The "Unexpected Joy" Icon
The history of this icon is related by the Holy Hierarch Dimitry of Rostov in his work, "The Bedewed Fleece". There was a man who despite living his life in sins nonetheless had pious love and devotion to the Mother of God.
Without fail, he daily prayed before her icon, saying those words once spoken by the Archangel Gabriel: "Rejoice, thou who art full of grace!"
It came to pass that as he was about to go off to engage in some sinful activity, he turned to pray before the icon of the Mother of God. Immediately he began to tremble, as he saw the image of the Mother of God appear to move. The wounds on the hands, feet and side of the Divine Infant opened up, and from them burst forth blood. Falling to the ground, the transgressor shouted: "O Lady, who has done this?"

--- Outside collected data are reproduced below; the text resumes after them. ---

Definition classes41 : seq (seq (seq (nat * nat))) :=
  [:: [:: [:: (3,0); (5,27); (4,20)]; [:: (0,0); (5,14); (1,7)]; [:: (4,13); (2,15); (1,30)]; [:: (2,13); (6,14); (4,18)]; [:: (0,26); (1,14); (3,2)]; [:: (6,0); (5,4); (7,6)]; [:: (2,26); (7,1); (6,16)]; [:: (0,13); (3,1); (7,2)]];
     [:: [:: (3,0); (5,21); (4,17)]; [:: (0,0); (5,8); (1,4)]; [:: (4,13); (2,3); (1,6)]; [:: (2,13); (6,8); (4,27)]; [:: (0,26); (1,8); (3,29)]; [:: (6,0); (5,19); (7,9)]; [:: (2,26); (7,34); (6,37)]; [:: (0,13); (3,34); (7,29)]];
     [:: [:: (3,0); (5,12); (4,32)]; [:: (0,0); (5,38); (1,19)]; [:: (4,13); (2,24); (1,9)]; [:: (2,13); (6,38); (4,21)]; [:: (0,26); (1,38); (3,11)]; [:: (6,0); (5,22); (7,33)]; [:: (2,26); (7,25); (6,10)]; [:: (0,13); (3,25); (7,11)]];
     [:: [:: (3,0); (5,18); (4,35)]; [:: (0,0); (5,5); (1,22)]; [:: (4,13); (2,36); (1,33)]; [:: (2,13); (6,5); (4,12)]; [:: (0,26); (1,5); (3,23)]; [:: (6,0); (5,7); (7,30)]; [:: (2,26); (7,31); (6,28)]; [:: (0,13); (3,31); (7,23)]];
     [:: [:: (4,0); (6,27); (5,20)]; [:: (1,0); (6,14); (2,4)]; [:: (5,13); (3,15); (2,30)]; [:: (3,13); (0,2); (5,18)]; [:: (1,26); (2,17); (4,2)]; [:: (0,0); (6,1); (7,3)]; [:: (3,26); (7,1); (0,31)]; [:: (1,13); (4,1); (7,5)]];
     [:: [:: (4,0); (6,21); (5,17)]; [:: (1,0); (6,8); (2,19)]; [:: (5,13); (3,3); (2,6)]; [:: (3,13); (0,29); (5,27)]; [:: (1,26); (2,32); (4,29)]; [:: (0,0); (6,34); (7,24)]; [:: (3,26); (7,34); (0,1)]; [:: (1,13); (4,34); (7,14)]];
     [:: [:: (4,0); (6,12); (5,32)]; [:: (1,0); (6,38); (2,22)]; [:: (5,13); (3,24); (2,9)]; [:: (3,13); (0,11); (5,21)]; [:: (1,26); (2,35); (4,11)]; [:: (0,0); (6,25); (7,36)]; [:: (3,26); (7,25); (0,34)]; [:: (1,13); (4,25); (7,8)]];
     [:: [:: (4,0); (6,18); (5,35)]; [:: (1,0); (6,5); (2,7)]; [:: (5,13); (3,36); (2,33)]; [:: (3,13); (0,23); (5,12)]; [:: (1,26); (2,20); (4,23)]; [:: (0,0); (6,31); (7,15)]; [:: (3,26); (7,31); (0,25)]; [:: (1,13); (4,31); (7,38)]];
     [:: [:: (5,0); (0,27); (6,5)]; [:: (2,0); (0,14); (3,31)]; [:: (6,13); (4,27); (3,18)]; [:: (4,13); (1,17); (6,27)]; [:: (2,26); (3,14); (5,17)]; [:: (1,0); (0,28); (7,27)]; [:: (4,26); (7,1); (1,16)]; [:: (2,13); (5,1); (7,20)]];
     [:: [:: (5,0); (0,21); (6,14)]; [:: (2,0); (0,8); (3,1)]; [:: (6,13); (4,21); (3,27)]; [:: (4,13); (1,32); (6,21)]; [:: (2,26); (3,8); (5,32)]; [:: (1,0); (0,16); (7,21)]; [:: (4,26); (7,34); (1,37)]; [:: (2,13); (5,34); (7,17)]];
     [:: [:: (5,0); (0,12); (6,8)]; [:: (2,0); (0,38); (3,34)]; [:: (6,13); (4,12); (3,21)]; [:: (4,13); (1,35); (6,12)]; [:: (2,26); (3,38); (5,35)]; [:: (1,0); (0,37); (7,12)]; [:: (4,26); (7,25); (1,10)]; [:: (2,13); (5,25); (7,32)]];
     [:: [:: (5,0); (0,18); (6,38)]; [:: (2,0); (0,5); (3,25)]; [:: (6,13); (4,18); (3,12)]; [:: (4,13); (1,20); (6,18)]; [:: (2,26); (3,5); (5,20)]; [:: (1,0); (0,10); (7,18)]; [:: (4,26); (7,31); (1,28)]; [:: (2,13); (5,31); (7,35)]];
     [:: [:: (6,0); (1,27); (0,29)]; [:: (3,0); (1,17); (4,1)]; [:: (0,13); (5,15); (4,21)]; [:: (5,13); (2,14); (0,30)]; [:: (3,26); (4,14); (6,29)]; [:: (2,0); (1,28); (7,30)]; [:: (5,26); (7,4); (2,16)]; [:: (3,13); (6,1); (7,20)]];
     [:: [:: (6,0); (1,21); (0,11)]; [:: (3,0); (1,32); (4,34)]; [:: (0,13); (5,3); (4,12)]; [:: (5,13); (2,8); (0,6)]; [:: (3,26); (4,8); (6,11)]; [:: (2,0); (1,16); (7,6)]; [:: (5,26); (7,19); (2,37)]; [:: (3,13); (6,34); (7,17)]];
     [:: [:: (6,0); (1,12); (0,23)]; [:: (3,0); (1,35); (4,25)]; [:: (0,13); (5,24); (4,18)]; [:: (5,13); (2,38); (0,9)]; [:: (3,26); (4,38); (6,23)]; [:: (2,0); (1,37); (7,9)]; [:: (5,26); (7,22); (2,10)]; [:: (3,13); (6,25); (7,32)]];
     [:: [:: (6,0); (1,18); (0,2)]; [:: (3,0); (1,20); (4,31)]; [:: (0,13); (5,36); (4,27)]; [:: (5,13); (2,5); (0,33)]; [:: (3,26); (4,5); (6,2)]; [:: (2,0); (1,10); (7,33)]; [:: (5,26); (7,7); (2,28)]; [:: (3,13); (6,31); (7,35)]];
     [:: [:: (0,0); (2,27); (1,17)]; [:: (4,0); (2,17); (5,1)]; [:: (1,13); (6,15); (5,30)]; [:: (6,13); (3,14); (1,6)]; [:: (4,26); (5,14); (0,17)]; [:: (3,0); (2,1); (7,30)]; [:: (6,26); (7,1); (3,19)]; [:: (4,13); (0,28); (7,14)]];
     [:: [:: (0,0); (2,21); (1,32)]; [:: (4,0); (2,32); (5,34)]; [:: (1,13); (6,3); (5,6)]; [:: (6,13); (3,8); (1,9)]; [:: (4,26); (5,8); (0,32)]; [:: (3,0); (2,34); (7,6)]; [:: (6,26); (7,34); (3,22)]; [:: (4,13); (0,16); (7,8)]];
     [:: [:: (0,0); (2,12); (1,35)]; [:: (4,0); (2,35); (5,25)]; [:: (1,13); (6,24); (5,9)]; [:: (6,13); (3,38); (1,33)]; [:: (4,26); (5,38); (0,35)]; [:: (3,0); (2,25); (7,9)]; [:: (6,26); (7,25); (3,7)]; [:: (4,13); (0,37); (7,38)]];
     [:: [:: (0,0); (2,18); (1,20)]; [:: (4,0); (2,20); (5,31)]; [:: (1,13); (6,36); (5,33)]; [:: (6,13); (3,5); (1,30)]; [:: (4,26); (5,5); (0,20)]; [:: (3,0); (2,31); (7,33)]; [:: (6,26); (7,31); (3,4)]; [:: (4,13); (0,10); (7,5)]];
     [:: [:: (1,0); (3,15); (2,17)]; [:: (5,0); (3,14); (6,31)]; [:: (2,13); (0,15); (6,6)]; [:: (0,13); (4,17); (2,27)]; [:: (5,26); (6,17); (1,8)]; [:: (4,0); (3,1); (7,18)]; [:: (0,26); (7,28); (4,4)]; [:: (5,13); (1,4); (7,8)]];
     [:: [:: (1,0); (3,3); (2,32)]; [:: (5,0); (3,8); (6,1)]; [:: (2,13); (0,3); (6,9)]; [:: (0,13); (4,32); (2,21)]; [:: (5,26); (6,32); (1,38)]; [:: (4,0); (3,34); (7,27)]; [:: (0,26); (7,16); (4,19)]; [:: (5,13); (1,19); (7,38)]];
     [:: [:: (1,0); (3,24); (2,35)]; [:: (5,0); (3,38); (6,34)]; [:: (2,13); (0,24); (6,33)]; [:: (0,13); (4,35); (2,12)]; [:: (5,26); (6,35); (1,5)]; [:: (4,0); (3,25); (7,21)]; [:: (0,26); (7,37); (4,22)]; [:: (5,13); (1,22); (7,5)]];
     [:: [:: (1,0); (3,36); (2,20)]; [:: (5,0); (3,5); (6,25)]; [:: (2,13); (0,36); (6,30)]; [:: (0,13); (4,20); (2,18)]; [:: (5,26); (6,20); (1,14)]; [:: (4,0); (3,31); (7,12)]; [:: (0,26); (7,10); (4,7)]; [:: (5,13); (1,7); (7,14)]];
     [:: [:: (2,0); (4,27); (3,17)]; [:: (6,0); (4,2); (0,1)]; [:: (3,13); (1,27); (0,3)]; [:: (1,13); (5,14); (3,30)]; [:: (6,26); (0,2); (2,17)]; [:: (5,0); (4,1); (7,18)]; [:: (1,26); (7,1); (5,31)]; [:: (6,13); (2,28); (7,14)]];
     [:: [:: (2,0); (4,21); (3,32)]; [:: (6,0); (4,29); (0,34)]; [:: (3,13); (1,21); (0,24)]; [:: (1,13); (5,8); (3,6)]; [:: (6,26); (0,29); (2,32)]; [:: (5,0); (4,34); (7,27)]; [:: (1,26); (7,34); (5,1)]; [:: (6,13); (2,16); (7,8)]];
     [:: [:: (2,0); (4,12); (3,35)]; [:: (6,0); (4,11); (0,25)]; [:: (3,13); (1,12); (0,36)]; [:: (1,13); (5,38); (3,9)]; [:: (6,26); (0,11); (2,35)]; [:: (5,0); (4,25); (7,21)]; [:: (1,26); (7,25); (5,34)]; [:: (6,13); (2,37); (7,38)]];
     [:: [:: (2,0); (4,18); (3,20)]; [:: (6,0); (4,23); (0,31)]; [:: (3,13); (1,18); (0,15)]; [:: (1,13); (5,5); (3,33)]; [:: (6,26); (0,23); (2,20)]; [:: (5,0); (4,31); (7,12)]; [:: (1,26); (7,31); (5,25)]; [:: (6,13); (2,10); (7,5)]];
     [:: [:: (0,0); (1,30); (6,27)]; [:: (0,26); (1,1); (3,30)]; [:: (2,0); (3,2); (4,6)]; [:: (2,26); (5,4); (7,2)]; [:: (1,26); (5,15); (6,4)]; [:: (2,13); (4,14); (7,30)]; [:: (0,13); (3,4); (4,1)]; [:: (5,26); (6,14); (7,31)]];
     [:: [:: (0,0); (1,6); (6,21)]; [:: (0,26); (1,34); (3,6)]; [:: (2,0); (3,29); (4,9)]; [:: (2,26); (5,19); (7,29)]; [:: (1,26); (5,3); (6,19)]; [:: (2,13); (4,8); (7,6)]; [:: (0,13); (3,19); (4,34)]; [:: (5,26); (6,8); (7,1)]];
     [:: [:: (0,0); (1,9); (6,12)]; [:: (0,26); (1,25); (3,9)]; [:: (2,0); (3,11); (4,33)]; [:: (2,26); (5,22); (7,11)]; [:: (1,26); (5,24); (6,22)]; [:: (2,13); (4,38); (7,9)]; [:: (0,13); (3,22); (4,25)]; [:: (5,26); (6,38); (7,34)]];
     [:: [:: (0,0); (1,33); (6,18)]; [:: (0,26); (1,31); (3,33)]; [:: (2,0); (3,23); (4,30)]; [:: (2,26); (5,7); (7,23)]; [:: (1,26); (5,36); (6,7)]; [:: (2,13); (4,5); (7,33)]; [:: (0,13); (3,7); (4,31)]; [:: (5,26); (6,5); (7,25)]];
     [:: [:: (1,0); (2,27); (6,31)]; [:: (1,26); (2,1); (4,18)]; [:: (0,0); (4,2); (5,30)]; [:: (0,26); (3,1); (7,4)]; [:: (2,26); (3,30); (6,14)]; [:: (0,13); (5,14); (7,17)]; [:: (1,13); (4,4); (5,28)]; [:: (3,26); (6,15); (7,3)]];
     [:: [:: (1,0); (2,21); (6,1)]; [:: (1,26); (2,34); (4,27)]; [:: (0,0); (4,29); (5,6)]; [:: (0,26); (3,34); (7,19)]; [:: (2,26); (3,6); (6,8)]; [:: (0,13); (5,8); (7,32)]; [:: (1,13); (4,19); (5,16)]; [:: (3,26); (6,3); (7,24)]];
     [:: [:: (1,0); (2,12); (6,34)]; [:: (1,26); (2,25); (4,21)]; [:: (0,0); (4,11); (5,9)]; [:: (0,26); (3,25); (7,22)]; [:: (2,26); (3,9); (6,38)]; [:: (0,13); (5,38); (7,35)]; [:: (1,13); (4,22); (5,37)]; [:: (3,26); (6,24); (7,36)]];
     [:: [:: (1,0); (2,18); (6,25)]; [:: (1,26); (2,31); (4,12)]; [:: (0,0); (4,23); (5,33)]; [:: (0,26); (3,31); (7,7)]; [:: (2,26); (3,33); (6,5)]; [:: (0,13); (5,5); (7,20)]; [:: (1,13); (4,7); (5,10)]; [:: (3,26); (6,36); (7,15)]];
     [:: [:: (2,0); (0,30); (6,14)]; [:: (2,26); (0,4); (5,21)]; [:: (1,0); (5,2); (3,6)]; [:: (1,26); (4,1); (7,3)]; [:: (0,26); (4,15); (6,6)]; [:: (1,13); (3,2); (7,4)]; [:: (2,13); (5,28); (3,19)]; [:: (4,26); (6,28); (7,17)]];
     [:: [:: (2,0); (0,6); (6,8)]; [:: (2,26); (0,19); (5,12)]; [:: (1,0); (5,29); (3,9)]; [:: (1,26); (4,34); (7,24)]; [:: (0,26); (4,3); (6,9)]; [:: (1,13); (3,29); (7,19)]; [:: (2,13); (5,16); (3,22)]; [:: (4,26); (6,16); (7,32)]];
     [:: [:: (2,0); (0,9); (6,38)]; [:: (2,26); (0,22); (5,18)]; [:: (1,0); (5,11); (3,33)]; [:: (1,26); (4,25); (7,36)]; [:: (0,26); (4,24); (6,33)]; [:: (1,13); (3,11); (7,22)]; [:: (2,13); (5,37); (3,7)]; [:: (4,26); (6,37); (7,35)]];
     [:: [:: (2,0); (0,33); (6,5)]; [:: (2,26); (0,7); (5,27)]; [:: (1,0); (5,23); (3,30)]; [:: (1,26); (4,31); (7,15)]; [:: (0,26); (4,36); (6,30)]; [:: (1,13); (3,23); (7,7)]; [:: (2,13); (5,10); (3,4)]; [:: (4,26); (6,10); (7,20)]];
     [:: [:: (5,0); (7,26); (4,26)]; [:: (0,13); (3,0); (6,26)]; [:: (6,0); (5,26); (3,26)]; [:: (0,0); (1,26); (4,13)]; [:: (4,0); (7,13); (3,13)]; [:: (2,0); (6,13); (1,13)]; [:: (1,0); (2,13); (5,13)]; [:: (2,26); (7,0); (0,26)]]].

Definition quads41 : seq (seq (nat * nat)) :=
  [:: [:: (0,0); (1,1); (2,32); (7,21)];
     [:: (0,0); (1,34); (2,35); (7,12)];
     [:: (0,0); (1,25); (2,20); (7,18)];
     [:: (0,0); (1,31); (2,17); (7,27)];
     [:: (3,0); (4,2); (5,4); (6,6)];
     [:: (3,0); (4,29); (5,19); (6,9)];
     [:: (3,0); (4,11); (5,22); (6,33)];
     [:: (3,0); (4,23); (5,7); (6,30)];
     [:: (0,0); (1,13); (3,0); (7,26)];
     [:: (0,0); (4,26); (5,13); (6,0)];
     [:: (1,0); (4,13); (6,13); (7,0)];
     [:: (1,0); (2,0); (3,0); (4,0)];
     [:: (0,0); (1,0); (3,13); (5,0)];
     [:: (0,0); (2,13); (5,26); (7,0)];
     [:: (0,0); (2,26); (4,0); (6,26)];
     [:: (1,0); (5,26); (6,26); (7,26)];
     [:: (2,0); (3,13); (4,26); (5,26)];
     [:: (2,0); (3,26); (6,26); (7,0)]].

The Mother of God answered: "You and other sinners once again, like the Jews, are crucifying my Son. You call me merciful. But then why do you insult me with your lawless acts? "O Mistress", answered the sinner, "may my sins not overcome your inexpressible goodness! You are the only hope of all sinners. Entreat your Son and our God on my behalf."
Our Mistress twice repeated her prayer to the Infant Christ, but He remained adamant, until finally he responded to the persis-tent entreaties of the Mother of God: "I will fulfill your request. May your wish be granted. Because of you, this person’s sins are remitted. Let him, in token of forgiveness, kiss My wounds."
And lo, the forgiven sinner, before whom the inexhaustible mercy of the Mother of God was manifest in such a wonderful man-ner, raised himself up from the ground, and with inexpressible joy kissed the wounds of his Saviour. From that moment, he lived a clean and pious life. This event provided the faithful with the incentive to write the "Unexpected Joy" icon of the Mother of God.
On this icon is depicted a man, on his knees, praying before the image of the Mother of God. Below the image are usually written the opening words of the story: "There was a certain transgressor".